WaywardHouse
Futures Markets as Geographic Instruments
On April 20, 2020, the WTI May futures contract settled at negative $37.63 per barrel. Oil had never had a negative price before. What actually happened was not mysterious — it was the cost-of-carry model working exactly as designed, in a world where every storage tank near Cushing, Oklahoma was full. The futures market was pricing a geographic constraint: there was nowhere to put the oil, so the market paid people to take it away.

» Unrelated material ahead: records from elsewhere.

(* For $\alpha\in\mathbb{K}^\times$ let $A_{2,\alpha}$ be the evolution algebra over the field $\mathbb{K}$ with natural basis $\{e_1,e_2\}$ such that $e_1^2=e_2$ and $e_2^2=\alpha e_1$. For $\alpha,\alpha'\in\mathbb{K}^\times$, $A_{2,\alpha}$ is isomorphic to $A_{2,\alpha'}$ as a $\mathbb{K}$-algebra if and only if $\overline\alpha=\overline{\alpha'}$ or $\overline\alpha=\overline{\alpha'}^2$, where classes are taken in $G_3=\mathbb{K}^\times/(\mathbb{K}^\times)^3$.
   Context: An evolution algebra over $\mathbb{K}$ is a $\mathbb{K}$-algebra with a basis $\{e_i\}$ (natural basis) such that $e_ie_j=0$ for $i\neq j$. $\overline\rho$ denotes the class of $\rho\in\mathbb{K}^\times$ in $G_3$. *)

From HB Require Import structures.
From mathcomp Require Import all_boot all_order all_algebra.
Set Implicit Arguments. Unset Strict Implicit. Unset Printing Implicit Defensive.
Import GRing.Theory.
Local Open Scope ring_scope.

(* An n-dimensional evolution algebra over K is K^n (row vectors) with natural
   basis e_i (delta row vectors), e_i e_j = 0 for i <> j and
   e_i^2 = \sum_j C i j e_j, where C is the structure matrix. *)
Definition evo_mul (K : fieldType) (n : nat) (C : 'M[K]_n) (u v : 'rV[K]_n)
  : 'rV[K]_n := \row_j \sum_i u 0 i * v 0 i * C i j.

(* Structure matrix of A_{2,alpha}: e_1^2 = e_2, e_2^2 = alpha e_1
   (indices 0,1 stand for e_1,e_2). *)
Definition A2_struct (K : fieldType) (alpha : K) : 'M[K]_2 :=
  \matrix_(i < 2, j < 2)
    (if (i == 0 :> nat) && (j == 1 :> nat) then 1
     else if (i == 1 :> nat) && (j == 0 :> nat) then alpha else 0).

Definition evo_iso (K : fieldType) (n : nat) (C C' : 'M[K]_n) : Prop :=
  exists f : 'rV[K]_n -> 'rV[K]_n,
    [/\ forall (a : K) (u v : 'rV[K]_n), f (a *: u + v) = a *: f u + f v,
        bijective f &
        forall u v, f (evo_mul C u v) = evo_mul C' (f u) (f v)].

Definition G3_eq (K : fieldType) (a b : K) : Prop :=
  exists c : K, c != 0 /\ a = b * c ^+ 3.

From mathcomp Require Import all_boot all_order all_algebra perm.
From mathcomp Require Import ring.
Set Implicit Arguments. Unset Strict Implicit. Unset Printing Implicit Defensive.
Import GRing.Theory.
Local Open Scope ring_scope.

(* In A_{2,alpha} we have (e_1^2)^2 = e_2^2 = alpha e_1, so an isomorphism f onto
   A_{2,alpha'} sends e_1 to a nonzero a = (x, y) with alpha a = (a^2)^2, i.e.
   alpha x = alpha' x^4 and alpha y = alpha'^2 y^4; a nonzero coordinate gives
   alpha = alpha' x^3 or alpha = alpha'^2 y^3.  Conversely, the monomial maps
   e_1 |-> c e_1, e_2 |-> c^2 e_2 and e_1 |-> c e_2, e_2 |-> alpha' c^2 e_1 are
   isomorphisms from A_{2, alpha' c^3} and from A_{2, alpha'^2 c^3} onto
   A_{2,alpha'}. *)

Lemma ord2P (j : 'I_2) : j = 0 \/ j = 1.
Proof. by case: j => [[|[|//]] ?]; [left | right]; apply: val_inj. Qed.

Lemma sum_ord2 (V : nmodType) (F : 'I_2 -> V) : \sum_i F i = F 0 + F 1.
Proof. by rewrite big_ord_recl big_ord1; congr (_ + F _); apply: val_inj. Qed.

Lemma G3_eq_quartic (K : fieldType) (a b x : K) :
  x != 0 -> a * x = b * x ^+ 4 -> G3_eq a b.
Proof.
move=> x_neq0 eq_ax; exists x; split=> //.
by apply: (mulIf x_neq0); rewrite eq_ax; ring.
Qed.

(* The isomorphism sends e_(s j) to d j e'_j. *)
Lemma evo_iso_monomial (K : fieldType) (n : nat) (C C' : 'M[K]_n)
    (s : 'S_n) (d : 'I_n -> K) :
  (forall i, d i != 0) ->
  (forall i j, d i ^+ 2 * C' i j = d j * C (s i) (s j)) ->
  evo_iso C C'.
Proof.
move=> d_neq0 dC.
exists (fun u : 'rV[K]_n => \row_j (d j * u 0 (s j))); split.
- by move=> a u v; apply/rowP => j; rewrite !mxE mulrDr mulrCA.
- exists (fun u : 'rV[K]_n => \row_j (u 0 ((s^-1)%g j) / d ((s^-1)%g j))) => u;
    apply/rowP => j; rewrite !mxE.
  + by rewrite permKV mulrC mulKf.
  + by rewrite permK mulrC divfK.
- move=> u v; apply/rowP => j; rewrite !mxE (reindex_inj (@perm_inj _ s)).
  rewrite mulr_sumr; apply: eq_bigr => i _; rewrite !mxE.
  transitivity (u 0 (s i) * v 0 (s i) * (d i ^+ 2 * C' i j)); last by ring.
  by rewrite dC; ring.
Qed.

Section TwoDimensional.
Variable K : fieldType.
Implicit Types (alpha : K) (u v : 'rV[K]_2).

Lemma A2_mul0 alpha u v : evo_mul (A2_struct alpha) u v 0 0 = alpha * u 0 1 * v 0 1.
Proof. by rewrite mxE sum_ord2 !mxE /=; ring. Qed.

Lemma A2_mul1 alpha u v : evo_mul (A2_struct alpha) u v 0 1 = u 0 0 * v 0 0.
Proof. by rewrite mxE sum_ord2 !mxE /=; ring. Qed.

Local Notation sq alpha u := (evo_mul (A2_struct alpha) u u).

Lemma A2_sqr_sqr0 alpha u : sq alpha (sq alpha u) 0 0 = alpha * u 0 0 ^+ 4.
Proof. by rewrite A2_mul0 !A2_mul1; ring. Qed.

Lemma A2_sqr_sqr1 alpha u : sq alpha (sq alpha u) 0 1 = alpha ^+ 2 * u 0 1 ^+ 4.
Proof. by rewrite A2_mul1 !A2_mul0; ring. Qed.

Lemma A2_sqr_sqr_e1 alpha : sq alpha (sq alpha (delta_mx 0 0)) = alpha *: delta_mx 0 0.
Proof.
apply/rowP => j; case: (ord2P j) => ->;
  by rewrite ?A2_sqr_sqr0 ?A2_sqr_sqr1 !mxE /=; ring.
Qed.

Lemma A2_iso_G3_eq alpha alpha' :
  evo_iso (A2_struct alpha) (A2_struct alpha') ->
  G3_eq alpha alpha' \/ G3_eq alpha (alpha' ^+ 2).
Proof.
move=> [f [f_lin f_bij f_mul]].
have f0 : f 0 = 0 by have := f_lin (-1) 0 0; rewrite !scaleN1r !addNr.
have fZ a u : f (a *: u) = a *: f u by rewrite -[a *: u]addr0 f_lin f0 addr0.
pose a := f (delta_mx 0 0).
have a_quartic : alpha *: a = sq alpha' (sq alpha' a).
  by rewrite -fZ -A2_sqr_sqr_e1 !f_mul.
have a_neq0 : a != 0.
  apply: contra_neq (oner_neq0 K) => a0.
  have e1_0 : delta_mx 0 0 = 0 :> 'rV[K]_2 by apply: (bij_inj f_bij); rewrite f0.
  by have := congr1 (fun u : 'rV[K]_2 => u 0 0) e1_0; rewrite !mxE.
have [x0 | x_neq0] := eqVneq (a 0 0) 0.
- right; apply: (@G3_eq_quartic _ _ _ (a 0 1)).
    apply: contra_neq a_neq0 => y0.
    by apply/rowP => j; case: (ord2P j) => ->; rewrite mxE.
  by rewrite -A2_sqr_sqr1 -a_quartic mxE.
- by left; apply: (G3_eq_quartic x_neq0); rewrite -A2_sqr_sqr0 -a_quartic mxE.
Qed.

Lemma A2_iso_scale alpha c :
  c != 0 -> evo_iso (A2_struct (alpha * c ^+ 3)) (A2_struct alpha).
Proof.
move=> c_neq0.
apply: (@evo_iso_monomial _ _ _ _ 1 (fun i => if i == 0 then c else c ^+ 2)).
  by move=> i; case: ifP; rewrite ?expf_neq0.
by move=> i j; rewrite !perm1 !mxE; case: (ord2P i) => ->; case: (ord2P j) => -> /=; ring.
Qed.

Lemma A2_iso_swap alpha c : alpha != 0 -> c != 0 ->
  evo_iso (A2_struct (alpha ^+ 2 * c ^+ 3)) (A2_struct alpha).
Proof.
move=> alpha_neq0 c_neq0.
apply: (@evo_iso_monomial _ _ _ _ (tperm 0 1)
                          (fun i => if i == 0 then alpha * c ^+ 2 else c)).
  by move=> i; case: ifP; rewrite ?mulf_neq0 ?expf_neq0.
move=> i j; case: (ord2P i) => ->; case: (ord2P j) => ->;
  by rewrite ?tpermL ?tpermR !mxE /=; ring.
Qed.

End TwoDimensional.

Theorem lemma3p3 (K : fieldType) (alpha alpha' : K) :
  alpha != 0 -> alpha' != 0 ->
  (evo_iso (A2_struct alpha) (A2_struct alpha') <->
   (G3_eq alpha alpha' \/ G3_eq alpha (alpha' ^+ 2))).
Proof.
move=> _ alpha'_neq0; split; first exact: A2_iso_G3_eq.
by case=> -[c [c_neq0 ->]]; [exact: A2_iso_scale | exact: A2_iso_swap].
Qed.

Prerequisites: Cost of carry model, Contango and backwardation, Convenience yield, Basis risk
A futures contract is, on its surface, a straightforward instrument: an agreement to buy or sell a specific quantity of a commodity at a specific price on a specific future date. But the price of that contract encodes something far richer than a simple forecast of where spot prices will be. It encodes the cost of holding inventory, the value of having physical supply on hand during uncertain times, the geographic specificity of delivery obligations, and the market’s collective assessment of how supply and demand will balance at a specific location on a specific date.
This model unpacks that structure. We start with the cost-of-carry model — the theoretical foundation — then work through contango, backwardation, and convenience yield as economic phenomena, before arriving at the geographic application: how basis differentials between delivery points encode spatial information that can be read as an infrastructure signal.
The Cost-of-Carry Model
If you can store a commodity costlessly and borrow money freely, the futures price must equal the spot price plus the cost of financing the inventory:
\[F(t, T) = S(t) \cdot e^{r(T-t)}\]where $F(t, T)$ is the futures price at time $t$ for delivery at time $T$, $S(t)$ is the current spot price, $r$ is the continuously compounded risk-free interest rate, and $(T - t)$ is time to delivery in years.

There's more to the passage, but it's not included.